Но, по ее же словам, в неприятного старика превратился «романтичный юноша, готовый сражаться за революцию и умереть в чужой стране», которому Антонова скорее сочувствует. В самом начале рассказа Антонова называет «красивого ферганца» Юлдашева «самым значительным» среди узбекских ученых. То, как он сумел в 1941 г. спастись, тоже явно говорит для нее в его пользу. И подкупил ее один уже послевоенный его рассказ. Муж Антоновой спросил Юлдашева, почему он, помогая многим эвакуированным, не взял на работу одного московского профессора. Оказывается, этот профессор, придя к Юлдашеву наниматься, рассказал следующее. Хотя в конце 20-х гг. он примыкал к троцкистам, но НКВД поручится за него, поскольку он был среди троцкистов «по приказу райкома… чтобы партия была в курсе их деятельности», а потом совершил нелегальную поездку на Принцевы острова, где жил тогда Троцкий, чтобы совершить на него покушение, правда, неудавшееся. По рассказу Коки Александровны, «Юлдашев подумал, что такого провокатора лучше не иметь при себе, и сказал, что у него нет мест, – и без того нужно сокращать штаты. “Разница между информатором и провокатором, – учил нас тогда Юлдашев, – в том, что информатор просто сообщает, что он видел и слышал, а провокатор еще придумывает, а что человек хотел этим сказать, что он намеревается делать. Поэтому от провокаторов надо держаться подальше”».

Итак, оценки далеко не однозначны. Личность, не столь простая и одномерная, как по рассказам моих родных. Но, конечно, и после воспоминаний К. А. Антоновой я бы не стал специально писать о Юлдашеве. Но вот во второй половине 90-х гг. я неожиданно для себя занялся лингвистическими идеями знаменитого ученого М. М. Бахтина и его друга В. Н. Волошинова (см. очерк «Грустная судьба»). И вдруг я встретил в довольно многочисленной литературе о Бахтине (уже появилась целая дисциплина – бахтинология) упоминание все той же фамилии М. Ю. Юлдашева. Как известно, ученый в 1945–1961 гг. работал в Саранском пединституте, и первым директором института при нем был именно Юлдашев.

Если Антонова специально пишет о личности Юлдашева, то биографы Бахтина упоминают его лишь постольку, поскольку он имел отношение к знаменитому автору. Но их оценки единодушны: Юлдашев благоволил к Бахтину, который в это время был никому не известным преподавателем из бывших ссыльных, вся его мировая слава была впереди.

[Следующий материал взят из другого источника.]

Theorem proposition4p1 (R : realType) (V : vectType R) (br : V -> V -> V) (n : nat) :
  is_lie_bracket br ->
  \dim (fullv : {vspace V}) = (2 * n)%N ->
  (exists x y : V, br x y != 0) ->
  ((forall J : V -> V, almost_complex J -> integrable br J) <->
   exists e : (2 * n).-tuple V,
     basis_of fullv e /\
     forall i j : 'I_(2 * n),
       br (tnth e i) (tnth e j) =
         if (val i == 0%N) && (val j != 0%N) then tnth e j
         else if (val j == 0%N) && (val i != 0%N) then - tnth e i
         else 0).
Proof.
move=> [br_linr br_linl br_alt _] dimV [x [y br_xy]].
have dim_even : ~~ odd (\dim {:V}) by rewrite dimV mul2n odd_double.
split=> [all_integrable | [e [be e_br]] J acJ].
  have br_span2 := bracket_mem_span2 br_linr br_linl br_alt dim_even all_integrable.
  have [f br_f] := scalar_bracket_of_span2 br_linr br_linl br_alt br_span2 (vbasisP fullv).
  have [u fu1] := scalar_bracket_neq0 (ltac:(by rewrite -br_f) : scalar_bracket f x y != 0).
  have [e [be fe]] := adapted_basis dimV fu1.
  by exists e; split=> // i j; rewrite br_f; apply: scalar_bracket_adapted.
have dim_gt0 : (0 < 2 * n)%N.
  rewrite lt0n -dimV dimv_eq0; apply: contra_neq br_xy => V0.
  by move: (memvf x); rewrite V0 memv0 => /eqP ->; rewrite (lin0 (br_linl y)).
pose f := coord e (Ordinal dim_gt0).
apply: (scalar_bracket_integrable (f := f)) acJ.
apply: (bilinear_eq_basis be br_linr br_linl (scalar_bracket_linr f) (scalar_bracket_linl f)).
move=> i j; rewrite e_br scalar_bracket_adapted // => k.
by rewrite (tnth_nth 0) /f /= coord_free ?(basis_free be).
Qed.
(* The hypothesis in_Ntypical is used only through the typical pairs
   (<<x, c>>, C), with c a generator of C and x in H: evaluating the
   trivialising cochain on Dhat at integer points shows that f is a coboundary
   on C and that f x d - f d x = d.w(x) - w(x) for d in C.  From these two facts
   a cochain k is built such that f + dk is inflated from H;
   the cocycle identity at (d, x, y) then forces its values to be C-invariant.
   Injectivity: comparing a trivialising cochain g of an inflated class at
   (d, x) and (x, d) shows that g is C-invariant on H. *)

(* Identities in an abelian group are decided by comparing integer coefficients
   of the atoms on both sides. *)
Inductive zmod_term := ZAtom of nat | ZAdd of zmod_term & zmod_term | ZOpp of zmod_term | ZZero.

Section ZmodNormalization.
Variable V : zmodType.

Fixpoint zmod_eval (env : seq V) (t : zmod_term) : V :=
  match t with
  | ZAtom n => env`_n
  | ZAdd a b => zmod_eval env a + zmod_eval env b
  | ZOpp a => - zmod_eval env a
  | ZZero => 0
  end.

Fixpoint zmod_coef (t : zmod_term) (i : nat) : int :=
  match t with
  | ZAtom n => (n == i)%:Z
  | ZAdd a b => zmod_coef a i + zmod_coef b i
  | ZOpp a => - zmod_coef a i
  | ZZero => 0
  end.

Lemma zmod_evalE env t : zmod_eval env t = \sum_(i < size env) env`_i *~ zmod_coef t i.
Proof.
elim: t => [n|a IHa b IHb|a IHa|] /=.
- have [ltn|len] := ltnP n (size env).
    rewrite (bigD1 (Ordinal ltn)) //= eqxx big1 ?addr0 // => i /eqP neq.
    by case: eqP => // eq_n; case: neq; apply: val_inj.
  rewrite nth_default // big1 // => i _.
  by case: eqP => // eq_n; move: (ltn_ord i); rewrite -eq_n ltnNge len.
- by rewrite IHa IHb -big_split; apply: eq_bigr => i _; rewrite mulrzDr.
- by rewrite IHa -sumrN; apply: eq_bigr => i _; rewrite mulrNz.
- by rewrite big1.
Qed.

Lemma zmod_eval_eq env t1 t2 :
  all (fun i => zmod_coef t1 i == zmod_coef t2 i) (iota 0 (size env)) ->
  zmod_eval env t1 = zmod_eval env t2.
Proof.
move/allP=> eq_coef; rewrite !zmod_evalE; apply: eq_bigr => i _.
by rewrite (eqP (eq_coef i _)) // mem_iota add0n ltn_ord.
Qed.

End ZmodNormalization.

Ltac zmod_index x l :=
  lazymatch l with
  | (?y :: ?l') =>
    match constr:(tt) with
    | _ => let _ := constr:(@erefl _ x : x = y) in constr:(0%N)
    | _ => let n := zmod_index x l' in constr:(S n)
    end
  end.

Ltac zmod_atoms t l :=
  lazymatch t with
  | (?a + ?b)%R => let l1 := zmod_atoms a l in zmod_atoms b l1
  | (- ?a)%R => zmod_atoms a l
  | 0%R => l
  | _ => match constr:(tt) with
         | _ => let _ := zmod_index t l in l
         | _ => constr:(t :: l)
         end
  end.

Ltac zmod_reify t l :=
  lazymatch t with
  | (?a + ?b)%R =>
      let ra := zmod_reify a l in let rb := zmod_reify b l in constr:(ZAdd ra rb)
  | (- ?a)%R => let ra := zmod_reify a l in constr:(ZOpp ra)
  | 0%R => constr:(ZZero)
  | _ => let n := zmod_index t l in constr:(ZAtom n)
  end.

Ltac zmod_eq :=
  lazymatch goal with
  | |- @eq ?V ?l ?r =>
    let env := zmod_atoms r ltac:(zmod_atoms l (@nil V)) in
    let tl := zmod_reify l env in
    let tr := zmod_reify r env in
    change (zmod_eval env tl = zmod_eval env tr);
    apply: zmod_eval_eq; vm_compute; reflexivity
  end.

Definition add_coboundary (gT : finGroupType) (M : finZmodType)
    (act : gT -> M -> M) (f : gT -> gT -> M) (k : gT -> M) : gT -> gT -> M :=
  fun a b => f a b + act a (k b) - k (a * b)%g + k a.

Lemma eq_sub_transfer (V : zmodType) (a b c d : V) : c = d -> a - b = c - d -> a = b.
Proof. by move=> -> /eqP; rewrite subrr subr_eq0 => /eqP. Qed.

Section ModuleCohomology.
Variables (gT : finGroupType) (M : finZmodType) (A : {group gT}) (act : gT -> M -> M).
Hypothesis actA : is_module_action A act.

Lemma mact1 m : act 1%g m = m.
Proof. by case: actA. Qed.

Lemma mactM x y m : x \in A -> y \in A -> act (x * y)%g m = act x (act y m).
Proof. by case: actA => _ [+ _]; apply. Qed.
(* Let $g \ge h \ge 2$ be integers. There is a constant $c>0$ depending only on $g$ and $h$ such that for every positive integer $n$ there exists a weak-$C_h[g]$ set $A \subset \{1,2,\dots,n\}$ with $$|A| \ge c\, n^{\left(1-\frac{1}{h}\right)\left(1-\frac{1}{g}\right)\left(1+\frac{1}{hg-1}\right)}.$$
   Context: A set of integers $A$ is called a weak-$C_h[g]$ set if for every set $X$ of $h$ integers there do not exist $g$ distinct integers $k_1,\dots,k_g$ such that the translates $X+k_1,\dots,X+k_g$ are pairwise disjoint and all contained in $A$ (here $X+k=\{x+k : x\in X\}$). In words, $A$ contains no $g$ pairwise disjoint translates of a common $h$-element set. *)

From mathcomp Require Import all_boot all_algebra.
From mathcomp Require Import finmap.
From Stdlib Require Import Reals.
Set Implicit Arguments. Unset Strict Implicit. Unset Printing Implicit Defensive.
Import GRing.Theory Num.Theory.
Local Open Scope fset_scope.
Local Open Scope ring_scope.

Definition translate (X : {fset int}) (k : int) : {fset int} :=
  [fset x + k | x in X].

Definition weak_Chg (h g : nat) (A : {fset int}) : Prop :=
  ~ exists (X K : {fset int}),
      [/\ #|` X| = h, #|` K| = g,
          (forall k1 k2, k1 \in K -> k2 \in K -> k1 != k2 ->
             [disjoint translate X k1 & translate X k2]) &
          (forall k, k \in K -> translate X k `<=` A)].

Definition weak_exponent (h g : nat) : R :=
  Rmult (Rmult (Rminus R1 (Rinv (INR h))) (Rminus R1 (Rinv (INR g))))
        (Rplus R1 (Rinv (Rminus (INR (h * g)%N) R1))).

Definition sub_interval (n : nat) (A : {fset int}) : Prop :=
  forall a : int, a \in A -> (1 <= a) && (a <= n%:Z).

From Stdlib Require Import Reals Lra.
From mathcomp Require Import all_boot all_algebra.
From mathcomp Require Import finmap.
From mathcomp Require Import zify.
Set Implicit Arguments. Unset Strict Implicit. Unset Printing Implicit Defensive.
Import GRing.Theory Num.Theory.

(* The deletion method.  Colour every point of {1, ..., n} with one of q + 1
   colours uniformly at random and keep the points of colour 0.  After
   normalising X to contain 0, a forbidden configuration (g pairwise disjoint
   translates of an h-set) is a set of hg points determined by h - 1 offsets
   in (-n, n) and g positions in {1, ..., n}, so there are at most
   (2n)^(h-1) n^g of them, and each is kept with probability (q+1)^(-hg).
   Removing one point from each kept configuration leaves a weak-C_h[g] set of
   expected size at least n/(q+1) - (2n)^(h-1) n^g / (q+1)^(hg).  Choosing q
   minimal with 2^h n^(h+g-2) <= (q+1)^(hg-1) makes this at least n/(2(q+1)),
   which is of order n^(1 - (h+g-2)/(hg-1)); that is the stated exponent. *)

Lemma exists_leq_of_sum_leq (I : finType) (i0 : I) (a b : I -> nat) :
  \sum_i a i <= \sum_i b i -> exists i, a i <= b i.
Proof.
move=> le_ab; apply/existsP; apply: contraLR le_ab; rewrite negb_exists -ltnNge.
move=> /forallP lt_ba; have {}lt_ba i : b i < a i by rewrite ltnNge.
apply: (@leq_trans (\sum_i (b i).+1)); last exact: leq_sum.
under [X in _ <= X]eq_bigr do rewrite -addn1.
by rewrite big_split /= sum1_card -addn1 leq_add2l; apply/card_gt0P; exists i0.
Qed.

Lemma card_bigcup_leq (I T : finType) (P : {pred I}) (V : I -> {set T}) :
  #|\bigcup_(i in P) V i| <= \sum_(i in P) #|V i|.
Proof.
apply: (big_ind2 (fun (X : {set T}) n => #|X| <= n)) => // [|X m Y n leXm leYn].
  by rewrite cards0.
by rewrite (leq_trans (leq_card_setU X Y)) ?leq_add.
Qed.

Lemma card_bigcup_disjoint (I T : finType) (P : {pred I}) (V : I -> {set T}) :
  {in P &, forall i j, i != j -> [disjoint V i & V j]} ->
  #|\bigcup_(i in P) V i| = \sum_(i in P) #|V i|.
Proof.
move=> disjV; pose W i := if i \in P then V i else set0.
have -> : \bigcup_(i in P) V i = \bigcup_i W i by rewrite big_mkcond.
rewrite -sum1_card partition_disjoint_bigcup => [|i j neq_ij]; last first.
  rewrite /W; case: ifP => Pi; case: ifP => Pj; by rewrite -setI_eq0 ?setI0 ?set0I ?setI_eq0 ?disjV.
rewrite [RHS]big_mkcond /=; apply: eq_bigr => i _; rewrite /W.
by case: ifP => _; rewrite sum1_card ?cards0.
Qed.

Lemma exists_hitting_set (T : finType) (B : {set {set T}}) :
  set0 \notin B -> exists2 W : {set T}, #|W| <= #|B| &
    forall U, U \in B -> ~~ [disjoint U & W].
Proof.
move=> B_nonempty; pose pt (U : {set T}) := if [pick x in U] is Some x then [set x] else set0.
exists (\bigcup_(U in B) pt U).
  apply: leq_trans (card_bigcup_leq B pt) _; rewrite -sum1_card; apply: leq_sum => U _.
  by rewrite /pt; case: pickP => [x _|_]; rewrite ?cards1 ?cards0.
move=> U UB; have /set0Pn[x xU] : U != set0 by apply: contraNneq B_nonempty => <-.
have [y yU pt_U] : exists2 y, y \in U & pt U = [set y].
  by rewrite /pt; case: pickP => [y yU|/(_ x)]; [exists y | rewrite xU].
rewrite -setI_eq0; apply/set0Pn; exists y; rewrite inE yU; apply/bigcupP.
by exists U; rewrite // pt_U set11.
Qed.

Lemma bin_leq_exp n k : 'C(n, k) <= n ^ k.
Proof.
apply: leq_trans (leq_pmulr _ (fact_gt0 k)) _.
have -> : n ^ k = \prod_(i < k) n by rewrite prod_nat_const card_ord.
rewrite bin_ffact ffact_prod.
by apply: leq_prod => i _; apply: leq_subr.
Qed.

Lemma card_preim_fset (T : finType) (U : choiceType) (e : T -> U) (Y : {fset U}) :
  injective e -> {subset Y <= codom e} -> #|[set i | e i \in Y]| = #|` Y|.
Proof.
move=> inj_e Y_codom; rewrite cardE -(size_map e); apply/perm_size/uniq_perm.
- by rewrite map_inj_uniq ?enum_uniq.
- exact: fset_uniq.
move=> y; apply/mapP/idP => [[i]|yY]; first by rewrite mem_enum inE => ? ->.
by have /codomP[i eiy] := Y_codom y yY; exists i; rewrite // mem_enum inE -eiy.
Qed.

Section Deletion.

Variables (T : finType) (q : nat).

Definition zeros (f : {ffun T -> 'I_q.+1}) : {set T} := [set i | f i == ord0].

Lemma in_zeros f i : (i \in zeros f) = (f i == ord0).
Proof. by rewrite inE. Qed.

Lemma card_ffun_zero_on (U : {set T}) :
  #|[set f | U \subset zeros f]| * q.+1 ^ #|U| = q.+1 ^ #|T|.
Proof.
have -> : #|[set f | U \subset zeros f]| =
          #|family (fun i => if i \in U then pred1 (@ord0 q) else predT)|.
  apply: eq_card => f; rewrite inE; apply/subsetP/familyP => [sub i|fam i iU].
    by case: ifP => // /sub; rewrite in_zeros.
  by have := fam i; rewrite iU in_zeros.
rewrite card_family foldrE big_map big_enum /= (bigID (mem U)) /=.
rewrite big1 => [|i ->]; last by rewrite card1.
rewrite mul1n (eq_bigr (fun _ => q.+1)) => [|i /negbTE ->]; last by rewrite card_ord.
by rewrite prod_nat_const -expnD addnC cardC.
Qed.

Lemma sum_card_zeros : (\sum_f #|zeros f|) * q.+1 = #|T| * q.+1 ^ #|T|.
Proof.
under eq_bigr do rewrite -sum1_card big_mkcond /=.
rewrite exchange_big big_distrl /= -sum_nat_const; apply: eq_bigr => i _.
rewrite -(card_ffun_zero_on [set i]) cards1 expn1; congr (_ * _).
by rewrite -sum1_card [RHS]big_mkcond; apply: eq_bigr => f _; rewrite inE sub1set.
Qed.

Variables (F : {set {set T}}) (r : nat).
Hypothesis F_large : forall U, U \in F -> r.+1 <= #|U|.

Definition covered (f : {ffun T -> 'I_q.+1}) : {set {set T}} :=
  [set U in F | U \subset zeros f].

Lemma sum_card_covered : (\sum_f #|covered f|) * q.+1 ^ r.+1 <= #|F| * q.+1 ^ #|T|.
Proof.
under eq_bigr do rewrite -sum1_card big_mkcond /=.
rewrite exchange_big big_distrl /= -[#|F|]sum1_card.
rewrite [X in _ <= X]big_distrl /= [X in _ <= X]big_mkcond /=.
apply: leq_sum => U _; case: ifP => UF; last first.
  by rewrite big1 ?mul0n // => f _; rewrite inE UF.
rewrite mul1n -(card_ffun_zero_on U); apply: leq_mul; last by rewrite leq_pexp2l ?F_large.
by rewrite -sum1_card [X in _ <= X]big_mkcond; apply/eq_leq/eq_bigr => f _; rewrite !inE UF.
Qed.

Lemma exists_good_coloring : exists f,
  #|T| * q.+1 ^ r + q.+1 ^ r.+1 * #|covered f| <= q.+1 ^ r.+1 * #|zeros f| + #|F|.
Proof.
apply: exists_leq_of_sum_leq; first exact: [ffun=> ord0].
rewrite !big_split /= !sum_nat_const card_ffun !card_ord -!big_distrr /=.
have := sum_card_covered; have := sum_card_zeros.
set a := \sum_f _; set b := \sum_f _; rewrite expnS.
set Q := q.+1; set P := Q ^ r; set E := Q ^ #|T| => zeros_a covered_b.
have -> : Q * P * a = E * (#|T| * P) by rewrite mulnAC (mulnC Q) zeros_a mulnCA mulnA.
by rewrite leq_add2l mulnC [E * _]mulnC.
Qed.

Lemma exists_large_free_set : exists2 A : {set T},
    (forall U, U \in F -> ~~ (U \subset A)) &
    #|T| * q.+1 ^ r <= q.+1 ^ r.+1 * #|A| + #|F|.
Proof.
have [f le_f] := exists_good_coloring.
have [|W le_W hit_W] := exists_hitting_set (B := covered f).
  apply/negP; rewrite inE => /andP[/F_large]; by rewrite cards0.
exists (zeros f :\: W) => [U UF|].
  rewrite subsetD; apply/negP => /andP[U_zeros U_W].
  by have := hit_W U; rewrite inE UF U_zeros U_W => /(_ isT).
have le_zeros : #|zeros f| <= #|zeros f :\: W| + #|covered f|.
  by rewrite -(cardsID W (zeros f)) addnC leq_add2l (leq_trans _ le_W) ?subset_leq_card ?subsetIr.
have := leq_mul (leqnn (q.+1 ^ r.+1)) le_zeros; rewrite mulnDr.
move: le_f; set x := #|T| * _; set y := _ * #|covered f|; lia.
Qed.

End Deletion.

Section Configurations.

Local Open Scope ring_scope.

Г. В. Карпунов, В. М. Борискин, В. Б. Естифеева, авторы книги «Михаил Михайлович Бахтин в Саранске», пишут, что Юлдашев встретил нового преподавателя доброжелательно, сразу дал ему квартиру, где Бахтины жили потом четырнадцать лет, и дал распоряжение посылать за преподавателем лошадь. В. Б. Естифеева в воспоминаниях о Бахтине несколько конкретизирует: «Директор пединститута М. Ю. Юлдашев встретил Бахтиных доброжелательно и в меру своих возможностей старался им помочь. Прежде всего, он предоставил им комнату в лучшем из домов, которыми в то время располагал пединститут». И она же: «Первые годы по прибытии Бахтиных в Саранск по распоряжению директора пединститута М. Ю. Юлдашева в непогоду и гололед за М. М. Бахтиным посылали директорскую лошадку… Позже при М. И. Романове (директор с 1950 г. – В. А.) эта “привилегия” была отменена». С. С. Конкин и Л. С. Конкина в биографии Бахтина указывают, что Юлдашев сразу назначил его заведующим кафедрой зарубежной литературы, но Наркомпрос первоначально не утвердил его в должности под предлогом отсутствия ученой степени (позже, однако, он получил эту должность). В. Б. Естифеева пишет и о том, что после выхода в газете «Культура и жизнь», органе Управления пропаганды и агитации ЦК, статьи с упоминанием диссертации М. М. Бахтина как «отрицательного примера» «высокое начальство Саранска» потребовало обсудить статью в институте. Однако Юлдашеву «удалось убедить высокое начальство в том, что нецелесообразно обсуждать диссертацию, пока ВАК не высказал своего мнения», проработка Бахтина не состоялась.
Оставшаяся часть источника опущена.